Records from a collection:
(* Take for H the affine permutations X |-> e A X (A^s)^T + V of the space of
   2x2 matrices over F_(q^2), where e = +-1, A ranges over SL_2(q) and A^s is A
   with every entry cubed.  The translations form a normal 3-subgroup, so
   O_3(H) <> 1.  Let T be the linear part and t the trace of A.  If t^2 = 1 then
   A^3 = -t, so T^3 = e, and as tripling kills the translation part in
   characteristic 3 the order divides 9 (e = 1) or 6 (e = -1).  If t = 0 then
   A^2 = -1, T^2 = 1 and the order divides 6.  Otherwise A has eigenvalues
   mu <> mu^-1 in F_(q^2) with mu^(q-1) = 1 or mu^(q+1) = 1, so A^L is a scalar
   +-1 for L = q - 1 or (q + 1)/2, and T^L = 1 as L is even.  The eigenvalues of
   T are the products mu_i mu_j^3 and q = 3 (mod 8) forces mu^8 <> 1, so T has
   no fixed point and the translation part cannot raise the order above L.
   Explicit elements attain 6, 9, q - 1 and (q + 1)/2, and none of these four
   numbers divides another. *)

Lemma in_mu_antichain (gT : finGroupType) (X : {set gT}) (s : seq nat) :
  {in s &, forall a b, (a %| b)%N -> a = b} ->
  (forall x, x \in X -> exists2 L, L \in s & (#[x]%g %| L)%N) ->
  (forall L, L \in s -> exists2 x, x \in X & (L %| #[x]%g)%N) ->
  forall n, in_mu X n <-> n \in s.
Proof.
move=> s_anti bound witness.
have s_omega L : L \in s -> in_omega X L.
  move=> sL; have [x Xx L_dvd] := witness L sL; have [L' sL' x_dvd] := bound x Xx.
  have eqL : L = L' := s_anti _ _ sL sL' (dvdn_trans L_dvd x_dvd).
  by exists x => //; apply/eqP; rewrite eqn_dvd L_dvd eqL x_dvd.
move=> n; split=> [[[x Xx <-] x_max] | sn].
  by have [L sL x_dvd] := bound x Xx; rewrite -(x_max L (s_omega L sL) x_dvd).
split=> [|_ [x Xx <-] n_dvd]; first exact: s_omega.
have [L sL x_dvd] := bound x Xx; have eqn := s_anti _ _ sn sL (dvdn_trans n_dvd x_dvd).
by apply/eqP; rewrite eqn_dvd n_dvd eqn x_dvd.
Qed.

Local Open Scope ring_scope.

Section PermOf.
Variable T : finType.

Definition perm_of (f : T -> T) : {perm T} :=
  if injectiveP f is ReflectT f_inj then perm f_inj else 1%g.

§ **Aim of the task**
Set down exactly the lines from the start of the records to the line with "s &, forall". Include that line, and add nothing more.

§ **Answer**
(* Take for H the affine permutations X |-> e A X (A^s)^T + V of the space of
   2x2 matrices over F_(q^2), where e = +-1, A ranges over SL_2(q) and A^s is A
   with every entry cubed.  The translations form a normal 3-subgroup, so
   O_3(H) <> 1.  Let T be the linear part and t the trace of A.  If t^2 = 1 then
   A^3 = -t, so T^3 = e, and as tripling kills the translation part in
   characteristic 3 the order divides 9 (e = 1) or 6 (e = -1).  If t = 0 then
   A^2 = -1, T^2 = 1 and the order divides 6.  Otherwise A has eigenvalues
   mu <> mu^-1 in F_(q^2) with mu^(q-1) = 1 or mu^(q+1) = 1, so A^L is a scalar
   +-1 for L = q - 1 or (q + 1)/2, and T^L = 1 as L is even.  The eigenvalues of
   T are the products mu_i mu_j^3 and q = 3 (mod 8) forces mu^8 <> 1, so T has
   no fixed point and the translation part cannot raise the order above L.
   Explicit elements attain 6, 9, q - 1 and (q + 1)/2, and none of these four
   numbers divides another. *)

Lemma in_mu_antichain (gT : finGroupType) (X : {set gT}) (s : seq nat) :
  {in s &, forall a b, (a %| b)%N -> a = b} ->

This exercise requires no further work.